あんな相手だ。無事に済むとは、とても思えない。
だが、それでも、いかなければならない。
最深部は、もう少しだ。
もう、見張りもいなかった。
いたにはいたけれど。牧島が手にしている霊弓で、出会い頭に全てを打ち抜いた。本当はあまり、こういうことはしたくないのだけれど。

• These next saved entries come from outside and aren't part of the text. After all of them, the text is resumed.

Lemma chebU_pi_div_eq0 p : (0 < p <= m)%N -> chebU (2 * cos t) p = 0 <-> p = m.
Proof.
move=> /andP[p_gt0]; rewrite leq_eqVlt => /predU1P[->|p_lt_m].
  by split=> // _; rewrite chebU_pi_div_m.
split=> [Up0|p_eq_m]; last lia.
by move: (chebU_pi_div_gt0 p); rewrite p_gt0 p_lt_m Up0 ltxx => /(_ isT).
Qed.

Lemma cos_pi_div_gt0 : (2 < m)%N -> 0 < cos t.
Proof.
move=> m_gt2; apply: cos_gt0_pihalf.
have pi2_gt0 : 0 < pi / 2 :> R by rewrite divr_gt0 ?pi_gt0.
have t_lt : t < pi / 2.
  by rewrite /t ltr_pM2l ?pi_gt0 // ltf_pV2 ?posrE ?ltr0n ?ltr_nat //; lia.
have : 0 < t by rewrite divr_gt0 ?pi_gt0 // ltr0n; lia.
lra.
Qed.

End ChebyshevAtPiDiv.

Lemma odd_eq_half (m k : nat) : (odd m /\ k = ((m - 1) %/ 2)%N) <-> (2 * k).+1 = m.
Proof. by split=> [[m_odd ->]|<-]; [lia | split; lia]. Qed.

Lemma even_eq_half (m k : nat) : (2 <= m)%N ->
  (~~ odd m /\ k = ((m - 2) %/ 2)%N) <-> (2 * k).+2 = m.
Proof. by move=> m_ge2; split=> [[m_even ->]|<-]; [lia | split; lia]. Qed.

Lemma alpha_comb_eq_scale_r {R : realType} {n : nat} {i j : 'I_n} (x y : R) :
  i != j ->
  (exists c, x *: alpha R i + y *: alpha R j = c *: alpha R j) <-> x = 0.
Proof.
move=> hij; split=> [[c /(congr1 (fun v : 'rV[R]_n => v 0 i))]|->].
  by rewrite !mxE (negbTE hij) /= eqxx mulr1 !mulr0 addr0.
by exists y; rewrite scale0r add0r.
Qed.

苦しみ、もがいている怪異に、心中で済まないと告げる。
出来れば助けたいけれど。
それは、全てが終わった後だ。
私の本領は、傾いた怪異を元に戻すこと。それは、本来、怪異のためにある能力なのに。それは、あかねが一番わかっていると思っていたのに。
この世界のあかねは、わかってくれているはず。
だが、どうして。
別の世界のあかねは、わかってくれなかったのだろう。
研究室に踏み込むと。
其処は、今まで以上に、血の臭いが濃かった。
牧島が、息を呑む。
血だらけのミンチ機。それも、非常に巨大な。これを使って、以前情報を得たように。人間やクローンをミンチにして、強化怪異の材料にしていたのだろう。
衣服やアクセサリなどが入れられた箱。
犠牲になった人間のものに間違いなかった。
第三諸国から、人身売買業者を使って仕入れてきた奴隷を。此処でミンチにして行ったのだろう。
唾棄すべき事だ。
奧には、ガラスシリンダが多数。
殆どは空っぽだったが。
その中の一つに、人影があった。
十二三歳くらいだろうか。
鏡でいつも見ているからわかる。これは、私だ。なるほど、私の情報から、クローンを作って。
それを強化怪異にしようというわけだ。
しかも、もう怪異に傾いてしまっている。目を覚ますことさえなく、怪異にされるなんて。流石にいくら何でも、ひどすぎる。
「周囲の機械を破壊」
「はいっ!」
牧島が、霊弓を引き絞る。
だが、矢を放った瞬間。
矢は、はじき返されていた。
愕然とする牧島の前に、姿を見せるのは。フードの小柄な影。私がとっさに背中に庇う。あかねが抑えていたはずなのに。
まさか、あかねを破ったのか。
この短時間に。
「いけませんよ、師匠。 これは、貴方の娘でもあり、貴方自身でもあるのだから」
「あかねをどうした」
「私が此処にいると言う事は、言うまでも無いでしょう。 私は七十回以上繰り返して、ようやくここまで来ています。 想定外の事態なんて、嫌と言うほど見てきましたからね、対策くらいはしています」
声はしわがれているし。
何より、複数の声色が混ざっている。そのおぞましさは、想像を絶するほどだ。だが、しかし。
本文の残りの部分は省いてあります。